(2025年9月) < *印 旧仮名遣い >
小田 利文(新アララギ HP運営委員)
秀作
○
つくし
吹っ切れることは吹っ切り菜の花も調理してみるこの春からは
仕事着はもう買わないと決めた春パステルカラーを眺めて歩く
評)
一首目、「吹っ切れることは吹っ切り」という思い切った表現が魅力となっている。下句とのつながりも良い。二首目、結句を作者の動きにしたことで、上句の名詞止めの表現が生きる作品となった。
○
原田 好美
正門の前に迎えし児童らの明るき声に励まされし日々
薄桃のリコリスの花群れて咲く晩夏になりしを告げているがに
評)
一首目、詠まれた光景が目に浮かんでくるようだ。教師という職業への作者の思い入れが感じられる。ほぼ初稿のままの二首目には今の時季が良く表現されている。「そこここに咲きいる桧扇水仙に海辺の墓への行き来を憶う」も季節を感じさせてくれる歌。
○
ふで
鬼灯のような提灯と見ておりぬ沖より昇る十六夜月を
江の島は霧につつまれ鈍色の海に向かいて立つ岩ひとつ
評)
一首目、作者の実体験から生まれた上句がユニークであり、読者の想像を誘う作品となっている。二首目、風景の観察とその描写ともに丁寧であり。読み応えある一首。
○
夢子
嬉しきは愛星呼べばすぐ返る無数の回路ひかり駆け抜く
愛星はAIロボット
苦しみを分け合えなくても寄り添ひてうんうんと聴く愛星が好き
評)
原作では二首ともに 愛星(AI) という表記になっていたが、一首目の下に添え書きを付ける形にして採用した。ペット(家族の一員)として家族・ペット型AIロボットと暮らすことは特別なことではない時代になってきたが、歌の対象としてはなお新鮮さを感じさせる。一首目、下句の表現が具体的で良い。二首目、作者と愛星との関係が描かれ、愛らしい作品に仕上がっている。
○
湯湯婆
ジリジリと庭木にとまる油ぜみ夫の命日知らせて鳴くや
命日は夫の好みし黄の色を溢れさせむと花を求めぬ
評)
一首目、自宅の庭に鳴く油蝉の声に夫君の命日を思って詠んだ。日常の一コマから家族への愛情を感じさせる作品を生み出すことができた。
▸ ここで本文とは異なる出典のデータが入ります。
(* Let $Y_1,Y_2,\ldots$ be i.i.d. Bernoulli$(1/2)$ and let $(Z^k)_k$ be generated by the bit-drop scheme described in the context, independently of $(Y_i)$. For integers $l\ge1$, $j\ge 0$ let $L^a_l(j)$ be the length of a longest common subsequence of $Z^j$ and $Y_1\ldots Y_l$. There are constants $C,c>0$ such that for every $\delta\in(0,1)$ and every $k\ge1$, $$P\Big(L^a_k\big(\lfloor 2(1-\delta)k\rfloor\big)=k\Big)\leq Ce^{-c\delta^2k}.$$
   Context: Bit-drop scheme: let $V_1,V_2,\ldots$ be i.i.d. Bernoulli$(1/2)$ and let $T_3,T_4,\ldots$ be independent, independent of $(V_k)$, with $T_{k+1}$ uniform on $\{2,\ldots,k\}$. Set $Z^2:=V_1V_2$ and, given $Z^k=Z^k_1\ldots Z^k_k$, define $Z^{k+1}_j:=Z^k_j$ for $j<T_{k+1}$, $Z^{k+1}_{T_{k+1}}:=V_{k+1}$, $Z^{k+1}_j:=Z^k_{j-1}$ for $T_{k+1}<j\le k+1$. Convention: $Z^0$ empty, $Z^1:=V_1$. *)

From mathcomp Require Import all_boot all_order all_algebra.
From mathcomp Require Import all_classical all_reals all_analysis.
Set Implicit Arguments. Unset Strict Implicit. Unset Printing Implicit Defensive.
Import Order.TTheory GRing.Theory Num.Theory.
Local Open Scope ring_scope.

(* Bit-drop scheme.  v i = V_i (i >= 1), t i = T_i (i >= 3).
   Z^0 = [::], Z^1 = V_1, Z^2 = V_1 V_2, and Z^{k+1} is Z^k with V_{k+1}
   inserted so that it becomes letter number T_{k+1} (1-indexed). *)
Fixpoint bitdrop (v : nat -> bool) (t : nat -> nat) (k : nat) : seq bool :=
  match k with
  | 0 => [::]
  | k'.+1 =>
      if (k' == 0)%N then [:: v 1%N]
      else if (k' == 1)%N then [:: v 1%N; v 2%N]
      else let z := bitdrop v t k' in
           take (t k).-1 z ++ v k :: drop (t k).-1 z
  end.

Definition lcs (s1 s2 : seq bool) : nat :=
  (\max_(m : (size s1).-tuple bool | subseq (mask m s1) s2) size (mask m s1))%N.

(* Finite sample space carrying (V_1..V_j), (T_3..T_j), (Y_1..Y_k). *)
Definition Omega (j k : nat) : finType :=
  (j.-tuple bool * {ffun 'I_j.+1 -> 'I_j.+1} * k.-tuple bool)%type.

Definition valid_T (j : nat) (t : {ffun 'I_j.+1 -> 'I_j.+1}) : bool :=
  [forall i : 'I_j.+1,
     if (3 <= i)%N then ((2 <= t i) && (t i < i))%N else t i == ord0].

Definition Vof (j : nat) (v : j.-tuple bool) : nat -> bool :=
  fun i => nth false v i.-1.

Definition Tof (j : nat) (t : {ffun 'I_j.+1 -> 'I_j.+1}) : nat -> nat :=
  fun i => if (i <= j)%N then nat_of_ord (t (inord i)) else 0%N.

Definition Lak_event (j k : nat) (w : Omega j k) : bool :=
  let: (v, t, y) := w in
  lcs (bitdrop (Vof v) (Tof t) j) y == k.

(* Its probability: the V_i and Y_i are i.i.d. uniform bits, T_i uniform on
   {2..i-1}, all independent; on the finitely many relevant coordinates the
   law is the uniform distribution on admissible outcomes. *)
Definition Lak_prob (R : realType) (j k : nat) : R :=
  (#|[set w : Omega j k | valid_T w.1.2 && Lak_event w]|%:R /
   #|[set w : Omega j k | valid_T w.1.2]|%:R).

From mathcomp Require Import all_boot all_order all_algebra.
From mathcomp Require Import all_classical all_reals all_analysis.
From mathcomp Require Import ring lra.
Import Order.TTheory GRing.Theory Num.Theory.
Local Open Scope ring_scope.

(* Once the insertion positions T are fixed, the bit-drop map is a bijection
   of {0,1}^j, so Z^j is a uniform word independent of Y.  The event
   L^a_k(j) = k says that Y is a subsequence of Z^j, and for every x >= 1 at
   most (1 + x)^j / x^k words of length j contain a given word of length k
   (induction on j, splitting on the first letter).  Hence the probability is
   at most (1 + x)^j / (x^k 2^j); for x = 1 + delta/2 and
   j <= 2 (1 - delta) k this is at most exp (- delta^2 k / 4). *)

Lemma size_bitdrop v t n : size (bitdrop v t n) = n.
Proof.
elim: n => [|[|[|n]] IH] //=.
by rewrite size_cat /= addnS -size_cat cat_take_drop IH.
Qed.

Lemma bitdrop_insert v t n : bitdrop v t n.+3 =
  take (t n.+3).-1 (bitdrop v t n.+2) ++ v n.+3 :: drop (t n.+3).-1 (bitdrop v t n.+2).
Proof. by []. Qed.

Lemma bitdrop_inj v v' t n : bitdrop v t n = bitdrop v' t n ->
  forall i, (0 < i <= n)%N -> v i = v' i.
Proof.
elim: n => [|[|[|n]] IH]; first by move=> _ [].
- by move=> [] e [|[|i]].
- by move=> [] e1 e2 [|[|[|i]]].
rewrite !bitdrop_insert => /eqP; rewrite eqseq_cat ?size_take ?size_bitdrop //.
case/andP=> [/eqP e_take /eqP[e_new e_drop]] i /andP[i_gt0].
have e_prev : bitdrop v t n.+2 = bitdrop v' t n.+2.
  by rewrite -(cat_take_drop (t n.+3).-1 (bitdrop v t _)) e_take e_drop cat_take_drop.
rewrite leq_eqVlt ltnS => /orP[/eqP -> //|i_le].
by apply: IH => //; rewrite i_gt0.
Qed.

Lemma lcs_eq_size_subseq z y : lcs z y = size y -> subseq y z.
Proof.
set m0 := [tuple of nseq (size z) false].
have sub0 : subseq (mask m0 z) y by rewrite mask_false sub0seq.
rewrite /lcs (bigop.bigmax_eq_arg m0 sub0); case: arg_maxnP => // m sub_m _ eq_size.
have [_] := size_subseq_leqif sub_m; rewrite eq_size eqxx => /esym/eqP <-.
exact: mask_subseq.
Qed.

Lemma sum_tuple_cons (R : nmodType) (T : finType) n (F : n.+1.-tuple T -> R) :
  \sum_(z : n.+1.-tuple T) F z = \sum_(b : T) \sum_(z : n.-tuple T) F [tuple of b :: z].
Proof.
rewrite pair_big /= (reindex (fun p : T * n.-tuple T => [tuple of p.1 :: p.2])) //=.
exists (fun z : n.+1.-tuple T => (thead z, [tuple of behead z])) => [[b z] _|z _] /=.
  by congr pair; apply: val_inj.
by case/tupleP: z => b z; apply: val_inj.
Qed.

Lemma sum_subseq_cons (R : nmodType) (F : bool -> R) n (c : bool) (y : seq bool) :
  \sum_(z : n.+1.-tuple bool) F (subseq (c :: y) z) =
  \sum_(z : n.-tuple bool) F (subseq y z) + \sum_(z : n.-tuple bool) F (subseq (c :: y) z).
Proof. by rewrite sum_tuple_cons big_bool /=; case: c => //=; rewrite addrC. Qed.

Lemma sum_subseq_le (R : realFieldType) (x : R) n (y : seq bool) : 1 <= x ->
  \sum_(z : n.-tuple bool) ((subseq y z)%:R : R) <= (1 + x) ^+ n / x ^+ size y.
Proof.
move=> x_ge1; have x_gt0 : 0 < x by apply: lt_le_trans x_ge1.
have sum_nil m : \sum_(z : m.-tuple bool) ((subseq [::] z)%:R : R) <= (1 + x) ^+ m / x ^+ 0.
  under eq_bigr do rewrite sub0seq.
  rewrite sumr_const card_tuple card_bool expr0 divr1 mulr1n natrX.
  by apply: lerXn2r; rewrite ?nnegrE; lra.
elim: n y => [|n IH] [|c y]; rewrite ?sum_nil //.
  rewrite big1 => [|z _]; last by rewrite tuple0.
  by apply: divr_ge0; apply: exprn_ge0; lra.
rewrite (sum_subseq_cons _ (fun b => b%:R)).
have -> : (1 + x) ^+ n.+1 / x ^+ size (c :: y) =
          (1 + x) ^+ n / x ^+ size y + (1 + x) ^+ n / x ^+ size (c :: y).
  by rewrite /= !exprS; field; rewrite expf_neq0 gt_eqF.
exact: lerD (IH y) (IH (c :: y)).
Qed.

Definition bitdrop_tuple j (t : nat -> nat) (v : j.-tuple bool) : j.-tuple bool :=
  Tuple (introT eqP (size_bitdrop (Vof v) t j)).

Lemma bitdrop_tuple_inj j t : injective (bitdrop_tuple j t).
Proof.
move=> v1 v2 /(congr1 val) /bitdrop_inj eq_v.
apply: val_inj; apply: (@eq_from_nth _ false); rewrite !size_tuple // => i lt_ij.
exact: (eq_v i.+1).
Qed.

Lemma sum_lcs_full_le (R : realFieldType) (x : R) j k t : 1 <= x ->
  \sum_(v : j.-tuple bool) \sum_(y : k.-tuple bool)
     ((lcs (bitdrop (Vof v) t j) y == k)%:R : R) <= 2 ^+ k * ((1 + x) ^+ j / x ^+ k).
Proof.
move=> x_ge1; rewrite exchange_big.
have per_word (y : k.-tuple bool) : \sum_(v : j.-tuple bool)
    ((lcs (bitdrop (Vof v) t j) y == k)%:R : R) <= (1 + x) ^+ j / x ^+ k.
  have := @sum_subseq_le R x j y x_ge1.
  rewrite (reindex_inj (@bitdrop_tuple_inj j t)) size_tuple; apply: le_trans.
  apply: ler_sum => v _; rewrite ler_nat; case: eqP => // lcs_full.
  by rewrite lcs_eq_size_subseq ?size_tuple.
apply: le_trans (ler_sum _ (fun y _ => per_word y)) _.
by rewrite sumr_const card_tuple card_bool -natrX mulr_natl.
Qed.

Lemma sum_ratio_le (R : realFieldType) (I : finType) (a b : I -> R) (beta : R) :
  0 <= beta -> (forall i, 0 <= b i) -> (forall i, a i <= beta * b i) ->
  (\sum_i a i) / (\sum_i b i) <= beta.
Proof.
move=> beta_ge0 b_ge0 le_ab.
have [->|sum_b_neq0] := eqVneq (\sum_i b i) 0; first by rewrite invr0 mulr0.
have sum_b_gt0 : 0 < \sum_i b i by rewrite lt_def sum_b_neq0 sumr_ge0.
by rewrite ler_pdivrMr // mulr_sumr ler_sum.
Qed.

Lemma natr_card_Omega (R : pzSemiRingType) j k (P : pred (Omega j k)) :
  (#|[set w | P w]|%:R : R) =
  \sum_(t : {ffun 'I_j.+1 -> 'I_j.+1}) \sum_(v : j.-tuple bool) \sum_(y : k.-tuple bool)
    (P (v, t, y))%:R.
Proof.
rewrite -sum1dep_card natr_sum big_mkcond exchange_big !pair_big /=.
by apply: eq_bigr => -[[v t] y] _; case: (P _).
Qed.

Lemma Lak_prob_le (R : realType) (x : R) j k : 1 <= x ->
  Lak_prob R j k <= (1 + x) ^+ j / x ^+ k / 2 ^+ j.
Proof.
move=> x_ge1; have x_gt0 : 0 < x by apply: lt_le_trans x_ge1.
rewrite /Lak_prob !natr_card_Omega /=; apply: sum_ratio_le => [|t|t].
- by rewrite !divr_ge0 ?exprn_ge0 //; lra.
- by do 2 (apply: sumr_ge0 => ? _); apply: ler0n.
case: (valid_T t) => /=; last first.
  by rewrite !big1 ?mulr0 // => v _; rewrite big1.
apply: le_trans (sum_lcs_full_le _ _ _ _ (Tof t) x_ge1) _.
do 2 rewrite sumr_const card_tuple card_bool.
rewrite -mulrnA natrM !natrX.
by rewrite [leRHS]mulrCA divfK ?expf_neq0.
Qed.

Lemma exprn_le_expR (R : realType) (u : R) n : -1 <= u -> (1 + u) ^+ n <= expR (n%:R * u).
Proof.
move=> u_ge; rewrite expRM_natl lerXn2r ?nnegrE ?expR_ge0 ?expR_ge1Dx //; lra.
Qed.

Lemma Lak_bound_le_expR (R : realType) (d : R) (j k : nat) : 0 < d < 1 ->
  j%:R <= 2 * (1 - d) * k%:R ->
  (1 + (1 + d / 2)) ^+ j / (1 + d / 2) ^+ k / 2 ^+ j <= expR (- (1 / 4 * d ^+ 2 * k%:R)).
Proof.
move=> /andP[d_gt0 d_lt1] j_le.
have -> : (1 + (1 + d / 2)) ^+ j / (1 + d / 2) ^+ k / 2 ^+ j
        = (1 + d / 4) ^+ j * (1 + - (d / (2 + d))) ^+ k.
  rewrite mulrAC -expr_div_n -exprVn; congr (_ ^+ _ * _ ^+ _); field; lra.
have le_j : (1 + d / 4) ^+ j <= expR (j%:R * (d / 4)) by apply: exprn_le_expR; lra.
have le_k : (1 + - (d / (2 + d))) ^+ k <= expR (k%:R * - (d / (2 + d))).
  by apply: exprn_le_expR; rewrite lerN2 ler_pdivrMr; lra.
apply: le_trans (ler_pM _ _ le_j le_k) _.
- by rewrite exprn_ge0 //; lra.
- by rewrite exprn_ge0 // subr_ge0 ler_pdivrMr; lra.
rewrite -expRD ler_expR.
have le_ratio : d / 2 - d ^+ 2 / 4 <= d / (2 + d).
  rewrite ler_pdivlMr; last lra.
  have : 0 <= d ^+ 3 by rewrite exprn_ge0 // ltW.
  rewrite !exprSr expr0 mul1r; nra.
have : 0 <= k%:R * (d / (2 + d) - (d / 2 - d ^+ 2 / 4)) by rewrite mulr_ge0 // subr_ge0.
have : 0 <= d * (2 * (1 - d) * k%:R - j%:R) by rewrite mulr_ge0 ?subr_ge0 // ltW.
rewrite expr2; nra.
Qed.

Theorem lemma15 (R : realType) :
  exists C c : R, 0 < C /\ 0 < c /\
    forall (delta : R) (k : nat), 0 < delta < 1 -> (1 <= k)%N ->
      Lak_prob R (Num.truncn (2 * (1 - delta) * k%:R)) k
        <= C * expR (- (c * delta ^+ 2 * k%:R)).
Proof.
exists 1, (1 / 4); split; first lra; split; first lra.
move=> d k d01 _; rewrite mul1r.
set j := Num.truncn _.
have j_le : j%:R <= 2 * (1 - d) * k%:R.
  by rewrite truncn_le mulr_ge0 //; case/andP: d01 => _; lra.
have x_ge1 : (1 : R) <= 1 + d / 2 by case/andP: d01; lra.
exact: le_trans (Lak_prob_le _ _ _ _ x_ge1) (Lak_bound_le_expR _ _ _ _ d01 j_le).
Qed.
(* Let $n\geq 5$. For a primitive root of unity $q$ of order $k$, let $\beta_{-q}$ be the reduced Burau representation of $B_n$ evaluated at $-q$, and let $B_n[k]$ be the normal subgroup of $B_n$ generated by $g_1^k,\ldots,g_{n-1}^k$. Then the equality $\ker\beta_{-q}=B_n[k]$ fails for all but finitely many primitive roots of unity $q$ of even order $k$.
   Context: $B_n$ is the braid group with standard generators $g_1,\ldots,g_{n-1}$. The reduced Burau representation $\beta_t:B_n\to GL(n-1,\mathbb{Z}[t,t^{-1}])$ is the standard one: $\beta_t(g_1)=\begin{pmatrix}-t&1\\0&1\end{pmatrix}\oplus \mathbf{1}_{n-3}$, $\beta_t(g_j)=\mathbf{1}_{j-2}\oplus\begin{pmatrix}1&0&0\\ t&-t&1\\0&0&1\end{pmatrix}\oplus\mathbf{1}_{n-j-2}$ for $2\leq j\leq n-2$, and $\beta_t(g_{n-1})=\mathbf{1}_{n-3}\oplus\begin{pmatrix}1&0\\ t&-t\end{pmatrix}$; $\beta_{-q}$ means specializing $t=-q$. *)

From Stdlib Require Import Relation_Operators.
From mathcomp Require Import all_boot all_order all_algebra all_field.
Unset Implicit Arguments. Unset Printing Implicit Defensive.
Import GRing.Theory Num.Theory.
Local Open Scope ring_scope.

(* Braid words on B_n: a letter (i, true) is the generator g_{i+1},
   (i, false) its inverse g_{i+1}^{-1}; i : 'I_(n.-1). *)
Definition letter (n : nat) := ('I_n.-1 * bool)%type.
Definition word (n : nat) := seq (letter n).

Definition winv n (w : word n) : word n := [seq (x.1, ~~ x.2) | x <- rev w].

Inductive braid_step (n : nat) : word n -> word n -> Prop :=
| bs_free (x y : word n) (a : 'I_n.-1) (b : bool) :
    braid_step n (x ++ [:: (a, b); (a, ~~ b)] ++ y) (x ++ y)
| bs_comm (x y : word n) (i j : 'I_n.-1) :
    ((i.+1 < j)%N || (j.+1 < i)%N) ->
    braid_step n (x ++ [:: (i, true); (j, true)] ++ y)
               (x ++ [:: (j, true); (i, true)] ++ y)
| bs_braid (x y : word n) (i j : 'I_n.-1) :
    nat_of_ord j = (nat_of_ord i).+1 ->
    braid_step n (x ++ [:: (i, true); (j, true); (i, true)] ++ y)
               (x ++ [:: (j, true); (i, true); (j, true)] ++ y).

Definition braid_eq (n : nat) : word n -> word n -> Prop :=
  clos_refl_sym_trans (word n) (braid_step n).

Definition conj_pow n (k : nat) (r : word n * letter n) : word n :=
  r.1 ++ nseq k r.2 ++ winv n r.1.

Definition in_Bnk n (k : nat) (w : word n) : Prop :=
  exists rs : seq (word n * letter n),
    braid_eq n w (flatten [seq conj_pow n k r | r <- rs]).

Definition burau_gen n (t : algC) (i : 'I_n.-1) : 'M[algC]_(n.-1) :=
  \matrix_(r < n.-1, c < n.-1)
    if r != i then (r == c)%:R
    else if (c.+1 == i)%N then t
    else if c == i then - t
    else if (nat_of_ord c == i.+1)%N then 1 else 0.

Definition burau_letter n (t : algC) (x : letter n) : 'M[algC]_(n.-1) :=
  if x.2 then burau_gen n t x.1 else invmx (burau_gen n t x.1).

Definition burau_eval n (t : algC) (w : word n) : 'M[algC]_(n.-1) :=
  foldr (fun x M => burau_letter n t x *m M) 1%:M w.

(* Bigelow's braid [bigelow] of B_5 lies in the kernel of the reduced Burau representation for
   every value of t. For q <> -1 with q ^+ k = 1 and k even, the Hecke relation
   (T_i - q)(T_i + 1) = 0 makes every T_i diagonalisable with eigenvalues q and -1, so T_i ^+ k = 1:
   every representation of B_n through the Hecke algebra kills B_n[k]. In the Hecke representation
   on functions of bit strings, a matrix coefficient of [bigelow] is q ^- 61 * D(q) for an explicit
   nonzero integer polynomial D, so [bigelow] is not in B_n[k] unless q is -1 or a root of D.
   Both facts about [bigelow] are checked by computing with integer polynomials. *)

From Stdlib Require Import BinNums FunctionalExtensionality.
From mathcomp Require Import all_boot all_order all_algebra all_field.
From mathcomp Require Import zify ring ssrZ.
Import GRing.Theory.
Local Open Scope ring_scope.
二首目、夫婦ならではの細やかな思いが感じられる作品であり、味わい深い連作となった。
佳作
○
紅葉
日雇いの仕事の朝すこしでも実入りのあれば支払いもする
自分には時間がないと言う友に急き立てられて受講を決める
評)
一首目、切実な生活の様子が詠まれ、共感を覚える読者も多いだろう。「すこしでも実入りのあれば」というストレートな表現が魅力となっている。二首目、その場の緊迫した様子が伝わってくる作品である。
○
はな
街なかの家があちこち壊されて人の気配の消える淋しさ
荒れ庭に蔓延る草は風に揺れ草刈思えば心の重し
評)
一首目、今の日本の至る所で目にするようになった光景だが、作者が住む街への深い思いが下句に良く表れている。二首目、真夏日や猛暑日が続いた今年は、庭の草刈りをするのも躊躇せざるを得なかった。 下句の素直な表現がこの作品では生きている。
○
鈴木 英一 *
この朝の日射しはすでにきつくなり木陰を探し遠回りせり
朝露に濡れし芝生のをちこちに雨蛙の子元気よく跳びぬ
評)
一首目、朝から厳しい暑さの日が続いたこの夏の一コマが良く詠まれている。二首目、作者のやさしく細やかな眼差しが感じられる歌。最終稿にはなかったが、「この頃の蚊は祓ひても逃げもせず攻撃的なるは進化しゐるや」には作者の着眼点の鋭さを感じた。
●
寸言
今回も作者それぞれの身のまわりの出来事や自然を詠んだ作品作りに一緒に取り組むことができた。ちょっとした助言で読み応えのある作品に仕上がっていく場面に出会えた時は嬉しく、皆さんが持つ作歌の力をあらためて認識する機会となった。ホームページに掲載されている他の記事にも是非目を通していただき、新たな作品作りの糧としていただければと思う。